Ultimately, this all adds up to making the organization itself more valuable, with real, long-term, resilient, measurable value. Not with short-term accounting tricks that may look good on paper but cheat or damage users, teams, society, the planet, or other stakeholders.
This is the real stuff.
Taking small steps will keep you from smashing into a wall or falling into a hole, but that’s not quite enough. You need to also make sure you’re still headed in the right direction.
A traditional project retrospective, or “post-mortem,” is aptly named. It’s too late. The patient is dead. Even a bi-weekly retrospective may be too late to prevent collateral damage. Instead, you want to create an environment of Continuous Review & Repair.
We use After Action Reviews (AAR) whenever needed. It’s critical to be able to perform an AAR in a psychologically safe, blame-free environment otherwise they do not work. The goal is not blame, but learning. Learning what needs to change; what needs to be fixed or changed.

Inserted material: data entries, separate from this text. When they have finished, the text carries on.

(* Under the standing assumptions below, if $\delta:\mathbb{S}^m\to\mathbb{R}^n$ is continuous with $\Gamma_0[\delta]=0$, then $\delta(\phi)\in\operatorname{span}\{\partial_t\gamma(\phi,0),\partial_{\phi_1}\gamma(\phi,0),\dots,\partial_{\phi_m}\gamma(\phi,0)\}$ for every $\phi\in\mathbb{S}^m$, i.e. the right nullspace of $\Gamma_0$ consists of functions tangent to the torus $(\phi,t)\mapsto\gamma(\phi,t)$ at $t=0$.
   Context: Let $\mathbb{S}=\mathbb{R}/\mathbb{Z}$, $m\ge 1$, $n\ge1$, $f:\mathbb{R}^n\to\mathbb{R}^n$ smooth, $T>0$. Let $u:\mathbb{S}^{m+1}\to\mathbb{R}^n$ be smooth and $\rho\in\mathbb{R}^m$ be such that $1,\rho_1,\dots,\rho_m$ are rationally independent, and let $\gamma(\phi,t):=u(\phi+\rho t,t)$ solve $\partial_t\gamma=Tf(\gamma)$ for every $\phi\in\mathbb{S}^m$. Let $X(\phi,t)$ solve $\partial_tX=T\,\mathrm{D}f(\gamma(\phi,t))X$, $X(\phi,0)=I_n$. Define $\Gamma_0[\delta](\phi):=X(\phi-\rho,1)\delta(\phi-\rho)-\delta(\phi)$ for continuous $\delta:\mathbb{S}^m\to\mathbb{R}^n$. Normal hyperbolicity assumption: there are continuous $w_t,w_{\phi_1},\dots,w_{\phi_m}:\mathbb{S}^m\to\mathbb{R}^n$ such that $$Q(\phi,t):=X(\phi,t)\Big(I_n-\partial_t\gamma(\phi,0)w_t^\mathsf{T}(\phi)-\sum_{i=1}^m\partial_{\phi_i}\gamma(\phi,0)w_{\phi_i}^\mathsf{T}(\phi)\Big)X^{-1}(\phi,t)$$ is a smooth family of projections with $Q(\phi,t+1)=Q(\phi+\rho,t)$, and $\Gamma_0$ is a bijection with bounded inverse on the space of functions $\phi\mapsto Q(\phi,0)\delta(\phi)$. *)

From HB Require Import structures.
From mathcomp Require Import all_boot all_order all_algebra.
From mathcomp Require Import all_classical all_reals all_analysis.
Set Implicit Arguments. Unset Strict Implicit. Unset Printing Implicit Defensive.
Import Order.TTheory GRing.Theory Num.Theory.
Import numFieldNormedType.Exports.
Local Open Scope ring_scope.

Section Defs.
Context {R : realType}.

Definition iterD {a b : nat} {W : normedModType R} (vs : seq 'M[R]_(a, b))
  (g : 'M[R]_(a, b) -> W) : 'M[R]_(a, b) -> W :=
  foldr (fun v h => fun x => derive h x v) g vs.

(* C^infty on R^(a*b) (row or column vectors): all iterated directional
   derivatives exist and are continuous *)
Definition smooth {a b : nat} {W : normedModType R} (g : 'M[R]_(a, b) -> W) : Prop :=
  forall vs : seq 'M[R]_(a, b),
    continuous (iterD vs g) /\ forall x v, derivable (iterD vs g) x v.

(* g is 1-periodic in every coordinate, i.e. g descends to the torus S^k = R^k/Z^k *)
Definition torus_periodic {k : nat} {W : Type} (g : 'rV[R]_k -> W) : Prop :=
  forall (x : 'rV[R]_k) (i : 'I_k), g (x + delta_mx 0 i) = g x.

Definition rat_indep1 {m : nat} (rho : 'rV[R]_m) : Prop :=
  forall (q0 : rat) (q : 'I_m -> rat),
    ratr q0 + \sum_(i < m) ratr (q i) * rho 0 i = 0 -> q0 = 0 /\ forall i, q i = 0.

Definition pt {m : nat} (phi : 'rV[R]_m) (t : R) : 'rV[R]_(m + 1) :=
  row_mx phi (t%:M).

In a similar spirit, “code reviews” should never really be about the code. If you’re worried about less experienced developers making mistakes that might need code review, you should be using pair programming or ensemble (“mob”) programming instead. What we will do for a “code review” should instead be focused on a decision review.
In other words, discuss what trade-offs were made, and why, and whether that is still appropriate. The results of this discussion are worth documenting, either in the code, or in a project wiki, etc. In addition to reviewing the decisions made now, set a date in the future to revisit these decisions, to ensure that you are still headed in the right direction.
That’s the continuous part. These decisions made sense at the time, but are they still appropriate a year from now? Five?
Similarly for everything from relationships to process to code. We know we need to fix defects in code, and improve code by refactoring (which doesn’t change functionality), but the same thing needs to happen with everything else as well.
Review your relationships. Is there a defect that needs repair? What about your process? Your environment? Regularly take a look, hold an AAR if needed, and formally schedule any repairs needed.
Taken all together, we can move beyond a simple CI/CD approach and move toward an effective Continuous Paradigm.